Sandra recuerda entonces una anécdota de 1985. Cierto día que había en Calabazar de Sagüa un evento llamado “Palabras de papel”, al que suponían que Onelio iba a asistir, venían unas personas en un auto que les había dado botella, como se dice en Cuba cuando algún amable automovilista le lleva sin cobrarle un tramo del camino. Como el trayecto aburre, se ponen a hablar y de lo poco que había que decir lo más a mano era la novedad de aquella tarde. Dos señoras, muy lectoras al parecer, inician a ejercer la crítica literaria del cuentista, en términos bien coloquiales: “¿Qué escribe el viejo ese?”, preguntaba una; “A mí no me gusta”, subrayaba la otra. Y con argumentos de ese tenor bien habrían llenado un par de cuartillas, de ser escrito el diálogo, con lo cual no demoró en aparecer ante el parabrisas el cementerio y más abajo la torre de la iglesia, y llegar al punto en que todos se bajan del auto. Bajó el chofer, abrió amablemente la portezuela a sus pasajeras invitadas y las despidió:
― Muchas gracias por toda la crítica. Yo soy Onelio Jorge Cardoso.


El río
Estaba anotado en su “guía de trabajo” que al día siguiente usted se iba a la costa, en busca de la antigua finca y el curso de agua del estero, que tanto encanto y misterio ponen en algunos de esos cuentos. Pero en lo que duraba la estancia no había hallado argumento firme para irse a la aventura, y llegada la mañana con apatía del proyecto frustrado, entendió que sería de algún provecho desandar sin prisa ni plan las tranquilas callejuelas a un lado y otro del eje que traza el Circuito Norte a su paso por el pueblo. Halló curioso el modo de nombrar las calles que alguien escogió para esta población: las que siguen el trayecto de los meridianos terrestres se llaman, disciplinadamente, “Norte” o “Sur”, según del  lado en que se encuentren respecto a “Central”; las paralelas a esta, se apellidarán “Este” u “Oeste”, respetando la posición ocupada a cada lado del río. Los números de las calles son impares del lado occidental y pares hacia la parte por donde llega el primer sol.
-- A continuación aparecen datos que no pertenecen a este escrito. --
Lemma psd_pair_nonneg p r a b : (a < n)%nat -> (b < n)%nat ->
  0 <= p * p * Z a a + 2 * p * r * Z a b + r * r * Z b b.
Proof.
  intros Ha Hb. destruct HZ as [Hs Hq].
  specialize (Hq (fun i => p * delta a i + r * delta b i)).
  rewrite quad_form_pair, (Hs b a) in Hq by assumption. lra.
Qed.

Lemma psd_diag_nonneg a : (a < n)%nat -> 0 <= Z a a.
Proof. intros Ha. pose proof (psd_pair_nonneg 1 0 a a Ha Ha). lra. Qed.

Lemma psd_offdiag_le a b : (a < n)%nat -> (b < n)%nat -> 2 * Z a b <= Z a a + Z b b.
Proof. intros Ha Hb. pose proof (psd_pair_nonneg 1 (-1) a b Ha Hb). lra. Qed.

Lemma psd_diag0_row0 a b : (a < n)%nat -> (b < n)%nat -> Z a a = 0 -> Z a b = 0.
Proof.
  intros Ha Hb Z0. destruct (Req_dec (Z a b) 0) as [|Hne]; [assumption|exfalso].
  (* the quadratic [2 p Z a b + Z b b] in [p] would be unbounded below *)
  pose proof (psd_pair_nonneg (- (Z b b + 1) / (2 * Z a b)) 1 a b Ha Hb) as Hp.
  assert (E : 2 * (- (Z b b + 1) / (2 * Z a b)) * 1 * Z a b = - (Z b b + 1)) by (field; assumption).
  rewrite Z0 in Hp. lra.
Qed.

End PsdEntries.

Lemma psd_schur_complement n Z : psd (S n) Z ->
  psd n (fun a b => Z (S a) (S b) - Z O (S a) * Z O (S b) / Z O O).
Proof.
  intros [Hs Hq]. split.
  { intros a b. rewrite (Hs (S a) (S b)). unfold Rdiv. ring. }
  intros x. rewrite quad_form_rank1_sub.
  set (s := fsum n (fun a => x a * Z O (S a))).
  set (t := - s / Z O O).
  specialize (Hq (fun a => match a with O => t | S a' => x a' end)).
  rewrite quad_form_succ in Hq by assumption. fold s in Hq.
  (* [t] minimises the quadratic in the first coordinate; when [Z O O = 0]
     both sides vanish since [/ 0 = 0] *)
  assert (Ht : t * t * Z O O + 2 * t * s = - (s ^ 2 / Z O O)).
  { unfold t. destruct (Req_dec (Z O O) 0) as [E|E].
    - rewrite E. unfold Rdiv. rewrite Rinv_0. ring.
    - field. assumption. }
  change (fun a => x a) with x in Hq. lra.
Qed.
No se indagó y nadie hizo mención de si esas calles tuvieron otros nombres antes, ni cuál es la razón por la que los que ahora tienen son de un modo que parecen puestos ahí un poco esquivos, como reticentes a que se usaran unos y se quitaran otros, o apáticos a la memoria, vaya uno a saber. Es solo una impresión, pero resulta inusual que un sitio que puede andarse un par de veces al día en cada sentido lleve en todas sus calles nombres como “1ra. del Norte”, “2da. del Sur”, “Calle Central Este”... y así tan metódico, tan en contraste con la fantasía de sus parrandas, como temiendo alguien que cualquiera llegara y no encontrara su dirección por lo difícil que resulta recordar una veintena de nombres.
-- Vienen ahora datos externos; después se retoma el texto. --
Lemma pack_p1 {n : nat} (x0 v0 : vec n) t : p1 (pack x0 v0 t) = x0.
Proof. by apply: functional_extensionality => i; rewrite /p1 /pack !split_lshift. Qed.

Lemma pack_p2 {n : nat} (x0 v0 : vec n) t : p2 (pack x0 v0 t) = v0.
Proof.
by apply: functional_extensionality => i; rewrite /p2 /pack split_lshift split_rshift.
Qed.

Lemma pack_p3 {n : nat} (x0 v0 : vec n) t : p3 (pack x0 v0 t) = t.
Proof. by rewrite /p3 /pack split_rshift. Qed.

Lemma sup_ball_pack {n : nat} (r : R) (x0 v0 : vec n) (t : R) :
  sup_ball r (pack x0 v0 t) -> [/\ sup_ball r x0, sup_ball r v0 & Rabs t <= r].
Proof.
move=> packed; split => [j|j|].
- by have := packed (lshift 1 (lshift n j)); rewrite /pack !split_lshift.
- by have := packed (lshift 1 (rshift n j)); rewrite /pack split_lshift split_rshift.
- by have := packed (rshift (n + n) ord0); rewrite /pack split_rshift.
Qed.

Lemma sup_ball_split {n : nat} (r : R) (w : vec (n + n)) :
  sup_ball r w <-> sup_ball r (q1 w) /\ sup_ball r (q2 w).
Proof.
split => [w_in|[w1_in w2_in] j]; first by split => j; apply: w_in.
by rewrite -(splitK j); case: (split j) => k; [apply: w1_in | apply: w2_in].
Qed.

Lemma compact_triple_bounded {n : nat} (M : vec n -> vec n -> R -> Prop) :
  compact_Rm (fun w : vec (n + n + 1) => M (p1 w) (p2 w) (p3 w)) ->
  exists R1, 0 <= R1 /\ forall x0 v0 t, M x0 v0 t ->
    [/\ sup_ball R1 x0, sup_ball R1 v0 & Rabs t <= R1].
Proof.
move=> M_compact; have [R1 [R1_ge0 M_bound]] := compact_map_bounded _ _ M_compact cont_Rm_coord.
exists R1; split => // x0 v0 t Mxt; apply: sup_ball_pack => j; apply: M_bound.
by rewrite pack_p1 pack_p2 pack_p3.
Qed.

Theorem proposition4p3 (n : nat) (g : vec n -> vec n) (h : R -> vec n)
  (delta : R -> R -> R) (x : R -> vec n -> vec n -> R -> vec n) :
  smooth_map g ->
  (forall i : 'I_n, smooth_R (fun t => h t i)) ->
  (forall eps, 0 < eps <= 1 -> smooth_R (delta eps)) ->
  (exists C, 0 < C /\ exists eps0, 0 < eps0 <= 1 /\
     forall eps, 0 < eps <= eps0 ->
       (forall t, eps < Rabs t -> delta eps t = 0) /\
       (forall pr : Riemann_integrable (fun t => Rabs (delta eps t)) (- eps) eps,
          RiemannInt pr <= C)) ->
  asymptotic_solution g h delta x ->
  forall M : vec n -> vec n -> R -> Prop,
    compact_Rm (fun w : vec (n + n + 1) => M (p1 w) (p2 w) (p3 w)) ->
    exists CM, 0 < CM /\ exists eps1, 0 < eps1 <= 1 /\
      forall eps, 0 < eps <= eps1 ->
        forall x0 v0 t, M x0 v0 t -> vnorm (x eps x0 v0 t) <= CM.
Proof.
move=> g_smooth h_smooth delta_smooth [C [_ [eps0 [eps0_in delta_ok]]]] [_ x_asym] M M_compact.
have [R1 [R1_ge0 M_in]] := compact_triple_bounded M M_compact.
pose K (x0 v0 : vec n) := sup_ball R1 x0 /\ sup_ball R1 v0.
have [epsK [epsK_in x_sol]] := x_asym K
  (compact_Rm_ext _ _ (sup_ball_split R1) (sup_ball_compact R1 R1_ge0)).
have [B [E [E_gt0 x_bound]]] := uniform_trajectory_bound g h delta C eps0 R1 (R1 + 1)
  (fun i => g_smooth i 0%nat) (fun i => smooth_R_continuous _ (h_smooth i)) (proj1 eps0_in)
  (fun eps eps_in => conj (smooth_R_continuous _ (delta_smooth eps ltac:(lra)))
     (delta_ok eps eps_in)) R1_ge0 ltac:(lra).
exists ((INR n + 1) * Rmax B 0 + 1); split; first by have := pos_INR n; have := Rmax_r B 0; nra.
exists (Rmin epsK E); split.
  by split; [apply: Rmin_glb_lt; lra | have := Rmin_l epsK E; lra].
move=> eps eps_in x0 v0 t /M_in [x0_in v0_in t_le].
have [eps_le_epsK eps_le_E] := conj (Rmin_l epsK E) (Rmin_r epsK E).
have sol := x_sol x0 v0 eps (conj x0_in v0_in) ltac:(lra).
suff : vnorm (x eps x0 v0 t) <= (INR n + 1) * Rmax B 0 by lra.
apply: vnorm_le_sup => [|i]; first exact: Rmax_r.
apply: Rle_trans (Rmax_l B 0); apply: (x_bound eps _ x0 v0 x0_in v0_in _ sol); first lra.
by have := Rabs_le_inv t_le; lra.
Qed.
Recorría el trazado del río por el interior del pueblo y halla el que dicen Puente de las Flores, que allí creen todos que es el que corresponde al cuento “Un olor a clavellina”, tras el cual se hallaba la casa de la maestra Graciela:
Lo primero que yo hubiera querido ver era el puente amarillo, el río manso y limpio, pasando por debajo. Las aguas claras en cuyo fondo había tantas biajacas ocultas entre los manchones de hierba bruja. Eso siempre pensé que sería lo primero por ver en regresando a mi pueblo, pero ahora contaba cuarenta años y entonces sólo diez (306).
Bajando el meridiano del pequeño mapamundi de este pueblo descubre otro cruce de agua bajo la vía y pregunto a un hombre si tenía nombre aquel puente que está en Pasaje 5ta Sur, casi en la intersección con la 3ra Sur, según dicen las placas que identifican las calles. El que venía transitando como de paso hacia sus asuntos del día, responde que ese es el puente del Cañón, y como sin prisa ya, se detiene a compartir ideas sobre el pobre estado de las aguas del río Calabazar, de los camarones del largo de un brazo que por allí mismo cogía cuando muchacho, cuando salía de noche a cuevearlos a lo largo del cauce. Vea que el río debió ser hermoso, con algunos fondos arenosos o de grava donde el agua se escapa en un hilo fino o en una lámina que destella, hasta ampliarse entre piedras o mostrar su calado en pocetas, pozas, anchas, hondas.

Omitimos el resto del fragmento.